Another sigh left the detectives lips, that made the total for the last ten minutes around twenty five, it made me myself want to sigh at his boredom. Having to deal with the bloodhound on a case was difficult, but when he was bored, it was downright dangerous, and not to mention extremely tedious.

Another sigh. This time I put my morning newspaper down, giving up with the hope of finding anything interesting enough to last Sherlock more than five seconds, in which, the only likely thing that would happen would something along the lines of "boring" being spoken. Looking up at Sherlock who had slumped down on the sofa in a way I could only describe as a sulk, I raised my eyebrows questioningly annoyed and he turned to face me feeling my gaze landing on him from my position in my chair.

His completion was ivory, and carved into it was a masterpiece, of shapes that rose and fell in sharp angled ways to reflect the sharp brain within. His eyes met mine with confusion and annoyance, his face the same, strung with large indicators of being rather pissed off .

"What?" he said in a deep baritone voice, yet slightly higher than his normal tone, something a doctor would pick out as fear in patients, but in Sherlock's case I knew he wasn't at all scared, but I knew he wasn't at all pleased either. "What do you mean what Sherlock, you've been sighing every five seconds for the past ten minutes, would you shut up or maybe try to find something to do?"

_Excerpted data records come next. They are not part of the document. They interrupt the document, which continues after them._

(* Bounds for the qualitative statement: extreme values of the continuous
   coefficients on [0,1] give admissible a, b and a threshold eps0. *)
Lemma uniform_coefficient_bounds (h h1 Gam1 Gam2 : R -> R) :
  continuity h -> continuity h1 -> continuity Gam1 -> continuity Gam2 ->
  (forall x, 0 < h x) ->
  exists a b eps0, 0 < a /\ 0 < eps0 /\ (forall x, 0 <= x <= 1 -> a <= h x) /\
    forall eps, 0 < eps < eps0 -> forall x, 0 <= x <= 1 ->
      eps * Gam1 x <= 2 * a / 3 /\ Rabs (eps / 2 * Gam2 x - h1 x) <= b.
Proof.
  intros Ch Ch1 CG1 CG2 h_pos.
  destruct (continuity_ab_min h 0 1 Rle_0_1 (fun x _ => Ch x)) as [xh [Hxh _]].
  destruct (continuity_ab_maj Gam1 0 1 Rle_0_1 (fun x _ => CG1 x)) as [xG [HxG _]].
  destruct (continuity_ab_maj (fun x => Rabs (Gam2 x)) 0 1 Rle_0_1
              (fun x _ => cont_abs _ CG2 x)) as [xG2 [HxG2 _]].
  destruct (continuity_ab_maj (fun x => Rabs (h1 x)) 0 1 Rle_0_1
              (fun x _ => cont_abs _ Ch1 x)) as [xh1 [Hxh1 _]].
  set (a := h xh); set (M := Rabs (Gam1 xG) + 1).
  assert (a_pos : 0 < a) by apply h_pos.
  assert (M_pos : 0 < M) by (pose proof (Rabs_pos (Gam1 xG)); unfold M; lra).
  exists a, (Rabs (h1 xh1) + Rabs (Gam2 xG2) / 2), (Rmin 1 (2 * a / (3 * M))).
  split; [auto | split; [| split; [auto |]]].
  - apply Rmin_glb_lt; [lra | apply Rdiv_lt_0_compat; lra].
  - intros eps [eps_pos Heps] x Hx.
    pose proof (Rlt_le_trans _ _ _ Heps (Rmin_l _ _)) as eps_lt1.
    pose proof (Rlt_le_trans _ _ _ Heps (Rmin_r _ _)) as eps_ltM.
    split.
    + apply Rle_trans with (eps * M).
      * apply Rmult_le_compat_l; [lra |].
        pose proof (HxG x Hx); pose proof (Rle_abs (Gam1 xG)); unfold M; lra.
      * apply (Rmult_lt_compat_r M) in eps_ltM; [| lra].
        replace (2 * a / (3 * M) * M) with (2 * a / 3) in eps_ltM by (field; lra); lra.
    + unfold Rminus; eapply Rle_trans; [apply Rabs_triang |].
      rewrite Rabs_Ropp, Rabs_mult, (Rabs_right (eps / 2)) by lra.
      pose proof (HxG2 x Hx); pose proof (Hxh1 x Hx); pose proof (Rabs_pos (Gam2 x)).
      assert (eps / 2 * Rabs (Gam2 x) <= 1 / 2 * Rabs (Gam2 xG2))
        by (apply Rmult_le_compat; lra).
      lra.
Qed.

"That's a hyperbole" He huffed at me annoyed, and I prepared for his no doubt witty comeback after I tried my hand at my own. "Fine, your sighing every five minutes."

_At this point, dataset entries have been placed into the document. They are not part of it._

(* Let $f(t_1,t_2)=[t_1,t_2,t_{i_3},\ldots,t_{i_k}]$ be a left normed commutator with $i_j\in\{1,2\}$ (and $i_1=1$, $i_2=2$), with $\deg_{t_1}f=n$, $\deg_{t_2}f=m$, $n+m=k\ge 2$. Put $i=i_k$. Then $f(C_1,C_2)=(x_1'-x_1)^{n-1}(x_2'-x_2)^{m-1}A(k)$, where \[A(k)=\begin{pmatrix} F(k) & y_1(x_2'-x_2)-y_2(x_1'-x_1)\\ (-1)^k\big(y_2'(x_1'-x_1)-y_1'(x_2'-x_2)\big) & F(k)\end{pmatrix},\] \[F(k)=\frac{\big(y_1(x_2'-x_2)-y_2(x_1'-x_1)\big)y_i'+(-1)^k y_i\big(y_2'(x_1'-x_1)-y_1'(x_2'-x_2)\big)}{x_i'-x_i}.\]
   Context: $K$ is an infinite field of characteristic different from 2. Let $X=\{x_1,x_2,x_1',x_2'\}$ and $Y=\{y_1,y_2,y_1',y_2'\}$, and let $K[X;Y]\cong K[X]\otimes_K E(Y)$ be the free supercommutative algebra: the $x$'s are even commuting variables, the $y$'s are odd pairwise anticommuting variables, and $E(Y)$ is the Grassmann algebra on the vector space with basis $Y$. The division defining $F(k)$ is performed in $K(X)\otimes_K E(Y)$, where $K(X)$ is the field of fractions of $K[X]$. Put $C_1=\begin{pmatrix} x_1&y_1\\ y_1'&x_1'\end{pmatrix}$, $C_2=\begin{pmatrix} x_2&y_2\\ y_2'&x_2'\end{pmatrix}\in M_2(K[X;Y])$. Commutators are $[a,b]=ab-ba$ and are left normed: $[a_1,\ldots,a_k]=[[a_1,\ldots,a_{k-1}],a_k]$. $t_1,t_2$ are free noncommuting variables and $f(C_1,C_2)$ denotes evaluation. *)

From HB Require Import structures.
From mathcomp Require Import all_boot all_order all_algebra.
From mathcomp Require Import fraction.
From mathcomp Require Import mpoly.
Set Implicit Arguments. Unset Strict Implicit. Unset Printing Implicit Defensive.
Import Order.TTheory GRing.Theory Num.Theory.
Local Open Scope ring_scope.

(* R ⊗ E(Y) with Y = {y1,y2,y1',y2'} (indexed 0,1,2,3), R commutative.  *)
(* An element is the family of its coordinates on the basis            *)
(* e_A = y_{a1} ... y_{ar}  (a1 < ... < ar, A = {a1..ar} ⊆ 'I_4).        *)
Definition G (R : comNzRingType) := {ffun {set 'I_4} -> R}.

Section Grassmann.
Variable R : comNzRingType.

(* e_A e_B = gsign A B e_{A ∪ B} when A, B disjoint *)
Definition gsign (A B : {set 'I_4}) : R :=
  (-1) ^+ #|[set p : 'I_4 * 'I_4 | [&& p.1 \in A, p.2 \in B & (p.2 < p.1)%N]]|.

Definition gmul (a b : G R) : G R :=
  [ffun S : {set 'I_4} => \sum_(A : {set 'I_4} | A \subset S) gsign A (S :\: A) * a A * b (S :\: A)].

"Now that's an understatement," I gritted my teeth trying to restrain myself from raising my voice and getting angry at him, an emotion he usually stirred within me when he was bored. "There's no cases on John, nothing, absolutely nothing, it's so quiet, peaceful " he scoffed and crinkled up his nose in anger and slight disgust  "you should know you've just been looking though the paper, what happened to a good murder." It always annoyed me how Sherlock never seemed to care over anything or anyone, or at least tried his upmost to hide it, he could say the most horrible of things, granted half the time he didn't understand how it was horrible or didn't realise that it was, and the other half was directed at either Anderson or the Telly, which was understandable, but still, it got on my nerves.